An Evaluation of the Impact of Apheresis Platelets Used in the Setting of Massively Transfused Trauma Patients

INTRODUCTION Trauma is a major cause of morbidity and mortality worldwide. Of patients arriving to trauma centers, patients requiring massive transfusion (MT, >or=10 units in 24 hours) are a small patient subset but are at the highest risk of mortality. Transfusion of appropriate ratios of blood products to such patients has recently been an area of interest to both the civilian and military medical community. Plasma is increasingly recognized as a critical component, though less is known about appropriate ratios of platelets. Combat casualties managed at the busiest combat hospital in Iraq provided an opportunity to examine this question.

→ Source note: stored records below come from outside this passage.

(* Let $H$ be a quasitriangular Hopf algebra with universal R-matrix $\mathcal R=\mathcal R^{[1]}\otimes\mathcal R^{[2]}\in H\otimes H$, and let $H^*$ be a Hopf algebra in nondegenerate duality with $H$ (e.g. $H$ finite-dimensional). Let $D(H)$, the covariant algebra $\underline{H^*}$, the actions and the map $Q$ be as defined in the context. Then $Q:\underline{H^*}\to H$ is a map of covariant algebras: it is an algebra homomorphism from $\underline{H^*}$ to $H$, and for all $h\in H$, $a,b\in H^*$, $$Q\big((h\otimes a)\triangleright b\big)=(h\otimes a)\triangleright Q(b),$$ where on the left the action of $D(H)$ on $\underline{H^*}$ is used and on the right the action of $D(H)$ on $H$ is used.
   Context: Notation: $\Delta h=h_{(1)}\otimes h_{(2)}$ (Sweedler notation, with further indices for iterated coproducts), $S$ the antipode, $\langle\ ,\ \rangle$ the pairing between $H$ and $H^*$. For $x,y\in H^*$ write $\mathcal R(x, y)=\langle x,\mathcal R^{[1]}\rangle\langle y,\mathcal R^{[2]}\rangle$. The quantum double $D(H)=H\bowtie H^{*\mathrm{op}}$ is the Hopf algebra built on $H\otimes H^*$ with the tensor product coproduct, the Hopf structure of $H$ and of $H^{*\mathrm{op}}$ (the opposite product of $H^*$) on the two factors, and product $$(h\otimes a)(g\otimes b)=hg_{(2)}\otimes b\,a_{(2)}\,\langle g_{(1)},a_{(1)}\rangle\langle Sg_{(3)},a_{(3)}\rangle,\qquad h,g\in H,\ a,b\in H^*,$$ where $b\,a_{(2)}$ is the product in $H^*$. $D(H)$ acts on the algebra $H$ by $(h\otimes a)\triangleright \phi=\langle \phi_{(1)},a\rangle\, h_{(1)}\phi_{(2)}Sh_{(2)}$ for $\phi\in H$ (coproduct of $H$). The algebra $\underline{H^*}$ is the vector space $H^*$ with the product $a\,\underline{\cdot}\,b=a_{(2)}b_{(2)}\,\mathcal R\big((Sa_{(1)})a_{(3)}, Sb_{(1)}\big)$, and $D(H)$ acts on it by $$(h\otimes a)\triangleright b=b_{(3)}\,\langle h,(Sb_{(2)})b_{(4)}\rangle\,\mathcal R(a_{(1)},b_{(1)})\,\mathcal R(b_{(5)},a_{(2)}).$$ Let $\mathcal Q=\mathcal R_{21}\mathcal R=\mathcal Q^{[1]}\otimes\mathcal Q^{[2]}\in H\otimes H$ and define $Q:H^*\to H$ by $Q(a)=\langle a,\mathcal Q^{[1]}\rangle\mathcal Q^{[2]}$. A covariant system means a Hopf algebra acting on an algebra $A$ with $h\triangleright(ab)=(h_{(1)}\triangleright a)(h_{(2)}\triangleright b)$ and $h\triangleright 1=\epsilon(h)1$. *)

(* Tensors V (x) W are represented by finite lists of pure tensors
   (Sweedler-style finite sums); two such lists denote the same tensor iff
   they agree under all pairs of linear functionals (which is exactly equality
   in V (x) W over a field). *)
From HB Require Import structures.
From mathcomp Require Import all_boot all_order all_algebra.
Set Implicit Arguments. Unset Strict Implicit. Unset Printing Implicit Defensive.
Import Order.TTheory GRing.Theory Num.Theory.
Local Open Scope ring_scope.

Section Defs.
Variable K : fieldType.

Definition lin_fun (V : lmodType K) (f : V -> K) : Prop :=
  forall (c : K) (x y : V), f (c *: x + y) = c * f x + f y.

Definition tens2_eq (V W : lmodType K) (t s : seq (V * W)) : Prop :=
  forall (f : V -> K) (g : W -> K), lin_fun f -> lin_fun g ->
    \sum_(p <- t) f p.1 * g p.2 = \sum_(p <- s) f p.1 * g p.2.

Definition tens3_eq (U V W : lmodType K) (t s : seq (U * V * W)) : Prop :=
  forall (f : U -> K) (g : V -> K) (k : W -> K),
    lin_fun f -> lin_fun g -> lin_fun k ->
    \sum_(p <- t) f p.1.1 * g p.1.2 * k p.2 =
    \sum_(p <- s) f p.1.1 * g p.1.2 * k p.2.

Record hopf_data (A : algType K) := HopfData {
  cop : A -> seq (A * A);
  cou : A -> K;
  ant : A -> A }.

Definition is_hopf (A : algType K) (X : hopf_data A) : Prop :=
  let d := cop X in let e := cou X in let S := ant X in
  [/\
      [/\ (forall c x y, tens2_eq (d (c *: x + y))
                       ([seq (c *: p.1, p.2) | p <- d x] ++ d y)),
      (forall x y, tens2_eq (d (x * y))
                       [seq (p.1 * q.1, p.2 * q.2) | p <- d x, q <- d y]),
      tens2_eq (d 1) [:: (1, 1)] &
      (forall x, tens3_eq [seq (q.1, q.2, p.2) | p <- d x, q <- d p.1]
                          [seq (p.1, q.1, q.2) | p <- d x, q <- d p.2])],
      [/\ (forall c x y, e (c *: x + y) = c * e x + e y),
          (forall x y, e (x * y) = e x * e y),
          e 1 = 1 &
          (forall x, \sum_(p <- d x) e p.1 *: p.2 = x /\
                     \sum_(p <- d x) e p.2 *: p.1 = x)] &
      [/\
      (forall c x y, S (c *: x + y) = c *: S x + S y),
      (forall x, \sum_(p <- d x) S p.1 * p.2 = e x *: 1) &
      (forall x, \sum_(p <- d x) p.1 * S p.2 = e x *: 1)]].

Definition is_dual_pairing (H Hs : algType K) (XH : hopf_data H)
    (XHs : hopf_data Hs) (pr : H -> Hs -> K) : Prop :=
  [/\ (forall c x y a, pr (c *: x + y) a = c * pr x a + pr y a) /\
      (forall c x a b, pr x (c *: a + b) = c * pr x a + pr x b),
      (forall x y a, pr (x * y) a = \sum_(p <- cop XHs a) pr x p.1 * pr y p.2),
      (forall x a b, pr x (a * b) = \sum_(p <- cop XH x) pr p.1 a * pr p.2 b),
      (forall a, pr 1 a = cou XHs a) /\ (forall x, pr x 1 = cou XH x) &
      [/\ (forall x a, pr (ant XH x) a = pr x (ant XHs a)),
          (forall x, (forall a, pr x a = 0) -> x = 0) &
          (forall a, (forall x, pr x a = 0) -> a = 0)]].

(* R in H (x) H is a universal R-matrix (Majid's conventions) *)
Definition is_quasitriangular (H : algType K) (X : hopf_data H)
    (R : seq (H * H)) : Prop :=
  let d := cop X in
  [/\ exists Rinv : seq (H * H),
        [/\ tens2_eq [seq (p.1 * q.1, p.2 * q.2) | p <- R, q <- Rinv] [:: (1, 1)],
            tens2_eq [seq (q.1 * p.1, q.2 * p.2) | p <- R, q <- Rinv] [:: (1, 1)] &
            forall x, tens2_eq [seq (p.2, p.1) | p <- d x]
              [seq (r.1 * ps.1.1 * ps.2.1, r.2 * ps.1.2 * ps.2.2)
                 | r <- R, ps <- [seq (p, s) | p <- d x, s <- Rinv]]],
      tens3_eq [seq (q.1, q.2, p.2) | p <- R, q <- d p.1]
               [seq (r.1, s.1, r.2 * s.2) | r <- R, s <- R] &
      tens3_eq [seq (p.1, q.1, q.2) | p <- R, q <- d p.2]
               [seq (r.1 * s.1, s.2, r.2) | r <- R, s <- R]].

(* iterated coproduct: iterc d n x lists the (n+1)-tuples x(1),...,x(n+1) *)
Fixpoint iterc (A : Type) (d : A -> seq (A * A)) (n : nat) (x : A)
    : seq (seq A) :=
  match n with
  | 0 => [:: [:: x]]
  | n'.+1 => flatten [seq [seq p.1 :: l | l <- iterc d n' p.2] | p <- d x]
  end.

Section Ops.
Variables (H Hs : algType K) (XH : hopf_data H) (XHs : hopf_data Hs).
Variables (pr : H -> Hs -> K) (R : seq (H * H)).

Definition Rform (x y : Hs) : K := \sum_(r <- R) pr r.1 x * pr r.2 y.

(* product of the covariant algebra underline(H^* ):
   a . b = a(2) b(2) R((S a(1)) a(3), S b(1)) *)
Definition umul (a b : Hs) : Hs :=
  \sum_(l <- iterc (cop XHs) 2 a) \sum_(q <- cop XHs b)
     Rform (ant XHs l`_0 * l`_2) (ant XHs q.1) *: (l`_1 * q.2).

(* action of h (x) a in D(H) on underline(H^* ):
   b(3) <h, (S b(2)) b(4)> R(a(1), b(1)) R(b(5), a(2)) *)
Definition act_Hs (h : H) (a b : Hs) : Hs :=
  \sum_(l <- iterc (cop XHs) 4 b) \sum_(m <- cop XHs a)
     (pr h (ant XHs l`_1 * l`_3) * Rform m.1 l`_0 * Rform l`_4 m.2) *: l`_2.

(* action of h (x) a in D(H) on H: <phi(1), a> h(1) phi(2) S h(2) *)
Definition act_H (h : H) (a : Hs) (phi : H) : H :=
  \sum_(p <- cop XH phi) \sum_(q <- cop XH h)
     pr p.1 a *: (q.1 * p.2 * ant XH q.2).

(* Q(a) = <a, Q^[1]> Q^[2] with Q = R21 R = R^[2] S^[1] (x) R^[1] S^[2] *)
Definition Qmap (a : Hs) : H :=
  \sum_(r <- R) \sum_(s <- R) pr (r.2 * s.1) a *: (r.1 * s.2).

End Ops.
End Defs.

(* Everything is checked after pairing with Hs: by nondegeneracy, an identity
   in H holds as soon as it holds against every a : Hs.  The Hopf and
   quasitriangularity axioms are identities in H (x) H and H (x) H (x) H tested
   against all linear functionals, so they apply to every form
   (x, y) |-> sum_i <x, a_i> <y, b_i> coming from an element of Hs (x) Hs; such
   forms are stable under the operations that occur (multiplying by fixed
   elements inside the pairing, applying S, taking coproducts) because each of
   them has a transpose on Hs.  In this calculus one derives the standard facts
   (eps (x) id) R = (id (x) eps) R = 1, S(xy) = S(y) S(x), R^-1 = (S (x) id) R,
   (S (x) S) R = R and R Delta = Delta^op R, and from them the three properties
   of Q = R21 R that drive the proof: Q commutes with every Delta(h),
   (id (x) Delta) Q = R21 Q13 R12, and the adjoint action of h on the second
   leg of Q equals the action S(h(1)) (-) h(2) on the first.  Multiplicativity
   and covariance of Q are then computations of <Q(-), c> with these
   identities. *)

From HB Require Import structures.
From mathcomp Require Import all_boot all_order all_algebra.
From mathcomp Require Import ring.
Set Implicit Arguments. Unset Strict Implicit. Unset Printing Implicit Defensive.
Import GRing.Theory.
Local Open Scope ring_scope.

Lemma big_iterc0 (A : Type) (V : nmodType) (cp : A -> seq (A * A)) x
    (F : seq A -> V) :
  \sum_(l <- iterc cp 0 x) F l = F [:: x].
Proof. by rewrite /= big_seq1. Qed.

Lemma big_itercS (A : Type) (V : nmodType) (cp : A -> seq (A * A)) n x
    (F : seq A -> V) :
  \sum_(l <- iterc cp n.+1 x) F l =
  \sum_(p <- cp x) \sum_(l <- iterc cp n p.2) F (p.1 :: l).
Proof. by rewrite /= big_flatten big_map; apply: eq_bigr => p _; rewrite big_map. Qed.

Lemma exchange_big2 (V : nmodType) I J L M (A : seq I) (B : I -> seq J) (C : seq L)
    (E : L -> seq M) (F : I -> J -> L -> M -> V) :
  \sum_(a <- A) \sum_(b <- B a) \sum_(c <- C) \sum_(e <- E c) F a b c e =
  \sum_(c <- C) \sum_(e <- E c) \sum_(a <- A) \sum_(b <- B a) F a b c e.
Proof.
under eq_bigr do rewrite exchange_big.
rewrite exchange_big; apply: eq_bigr => c _.
under eq_bigr do rewrite exchange_big.
exact: exchange_big.
Qed.

Lemma exchange_big3 (V : nmodType) I J L (A : seq I) (B : seq J) (C : seq L)
    (F : I -> J -> L -> V) :
  \sum_(a <- A) \sum_(b <- B) \sum_(c <- C) F a b c =
  \sum_(c <- C) \sum_(a <- A) \sum_(b <- B) F a b c.
Proof. by under eq_bigr do rewrite exchange_big; rewrite exchange_big. Qed.

Lemma exchange_big_dep3 (V : nmodType) I A B C (r : seq I) (ra : seq A)
    (rb : A -> seq B) (rc : A -> B -> seq C) (F : I -> A -> B -> C -> V) :
  \sum_(i <- r) \sum_(a <- ra) \sum_(b <- rb a) \sum_(c <- rc a b) F i a b c =
  \sum_(a <- ra) \sum_(b <- rb a) \sum_(c <- rc a b) \sum_(i <- r) F i a b c.
Proof.
rewrite exchange_big; apply: eq_bigr => a _.
by rewrite exchange_big; apply: eq_bigr => b _; rewrite exchange_big.
Qed.

Lemma mul_sumZ (R : comNzRingType) (A : algType R) I J (r1 : seq I) (r2 : seq J)
    (c1 : I -> R) (c2 : J -> R) (X : I -> A) (Y : J -> A) :
  (\sum_(i <- r1) c1 i *: X i) * (\sum_(j <- r2) c2 j *: Y j) =
  \sum_(i <- r1) \sum_(j <- r2) (c1 i * c2 j) *: (X i * Y j).
Proof.
rewrite mulr_suml; apply: eq_bigr => i _; rewrite mulr_sumr; apply: eq_bigr => j _.
by rewrite -scalerAl -scalerAr scalerA.
Qed.

Section LinFun.
Variables (K : fieldType) (V : lmodType K) (f : V -> K).
Hypothesis f_lin : lin_fun f.

Lemma lin_fun0 : f 0 = 0.
Proof.
have h := f_lin 1 0 0; rewrite scale1r addr0 mul1r in h.
by apply: (addrI (f 0)); rewrite addr0 -h.
Qed.

Lemma lin_funZ c x : f (c *: x) = c * f x.
Proof. by rewrite -[c *: x]addr0 f_lin lin_fun0 addr0. Qed.

Lemma lin_fun_sum I (r : seq I) (F : I -> V) :
  f (\sum_(i <- r) F i) = \sum_(i <- r) f (F i).
Proof.
elim: r => [|i r IH]; first by rewrite !big_nil lin_fun0.
by rewrite !big_cons -[F i]scale1r f_lin mul1r scale1r IH.
Qed.

End LinFun.

Section HopfPairing.
Variables (K : fieldType) (H Hs : algType K).
Variables (XH : hopf_data H) (XHs : hopf_data Hs) (pr : H -> Hs -> K).
Hypotheses (hH : is_hopf XH) (hP : is_dual_pairing XH XHs pr).

Local Notation d := (cop XH).
Local Notation e := (cou XH).
Local Notation S := (ant XH).
Local Notation ds := (cop XHs).

Lemma pr_linl a : lin_fun (pr^~ a).
Proof. by case: hP => [[h _]] _ _ _ _ c x y; rewrite h. Qed.

Lemma pr_linr x : lin_fun (pr x).
Proof. by case: hP => [[_ h]] _ _ _ _ c a b; rewrite h. Qed.

Lemma prZl c x a : pr (c *: x) a = c * pr x a.
Proof. exact: (lin_funZ (pr_linl a)). Qed.

Lemma prZr c x a : pr x (c *: a) = c * pr x a.
Proof. exact: (lin_funZ (pr_linr x)). Qed.

Lemma pr_suml I (r : seq I) (F : I -> H) a :
  pr (\sum_(i <- r) F i) a = \sum_(i <- r) pr (F i) a.
Proof. exact: (lin_fun_sum (pr_linl a)). Qed.

Lemma pr_sumr I (r : seq I) (F : I -> Hs) x :
  pr x (\sum_(i <- r) F i) = \sum_(i <- r) pr x (F i).
Proof. exact: (lin_fun_sum (pr_linr x)). Qed.

Lemma prMl x y a : pr (x * y) a = \sum_(p <- ds a) pr x p.1 * pr y p.2.
Proof. by case: hP. Qed.

Lemma prMr x a b : pr x (a * b) = \sum_(p <- d x) pr p.1 a * pr p.2 b.
Proof. by case: hP. Qed.

Lemma pr1r x : pr x 1 = e x.
Proof. by case: hP => _ _ _ []. Qed.

Lemma prSl x a : pr (S x) a = pr x (ant XHs a).
Proof. by case: hP => _ _ _ _ []. Qed.

Lemma pr_inj x y : (forall a, pr x a = pr y a) -> x = y.
Proof.
move=> xy; case: hP => _ _ _ _ [_ nd _]; apply/eqP; rewrite -subr_eq0; apply/eqP/nd => a.
by rewrite -scaleN1r addrC (pr_linl a) xy mulN1r addNr.
Qed.

Lemma pr_sum2Z I J (r1 : seq I) (r2 : seq J) (c : I -> J -> K) (X : I -> J -> H) a :
  pr (\sum_(i <- r1) \sum_(j <- r2) c i j *: X i j) a =
  \sum_(i <- r1) \sum_(j <- r2) c i j * pr (X i j) a.
Proof.
by rewrite pr_suml; apply: eq_bigr => i _; rewrite pr_suml; apply: eq_bigr => j _; rewrite prZl.
Qed.

(** * Forms coming from Hs *)

Definition has_transpose (L : H -> H) :=
  exists L' : Hs -> Hs, forall x a, pr (L x) a = pr x (L' a).

Definition pr_form (f : H -> K) := exists a, forall x, f x = pr x a.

METHODS In-patient records for 8,618 trauma casualties treated at the military hospital in Baghdad more than a 3-year interval between January 2004 and December 2006 were retrospectively reviewed and patients requiring MT (n = 694) were identified. Patients who required MT in the first 24 hours and did not receive fresh whole blood were divided into study groups defined by source of platelets: (1) patient receiving a low ratio of platelets (<1:16 apheresis platelets per stored red cell unit, aPLT:RBC) (n = 214), (2) patients receiving a medium ratio of platelets (1:16 to <1:8 aPLT:RBC) (n = 154), and (3) patients receiving a high ratio of platelets (>or=1:8 aPLT:RBC) (n = 96). The primary endpoint was survival at 24 hours and at 30 days. RESULTS At 24 hours, patients receiving a high ratio of platelets had higher survival (95%) as compared with patients receiving a medium ratio (87%) and patients receiving the lowest ratio of platelets (64%) (log-rank p = 0.04 and p < 0.001, respectively). The survival benefit for the high and medium ratio groups remained at 30 days as compared with those receiving the lowest ratio of platelets (75% and 60% vs. 43%, p < 0.001 for both comparisons). On multivariate regression, plasma:RBC ratios and aPLT:RBC were both independently associated with improved survival at 24 hours and at 30 days. CONCLUSION Transfusion of a ratio of >or=1:8 aPLT:RBC is associated with improved survival at 24 hours and at 30 days in combat casualties requiring a MT within 24 hours of injury. Although prospective study is needed to confirm this finding, MT protocols outside of investigational research should consider incorporation of appropriate ratios of both plasma and platelets.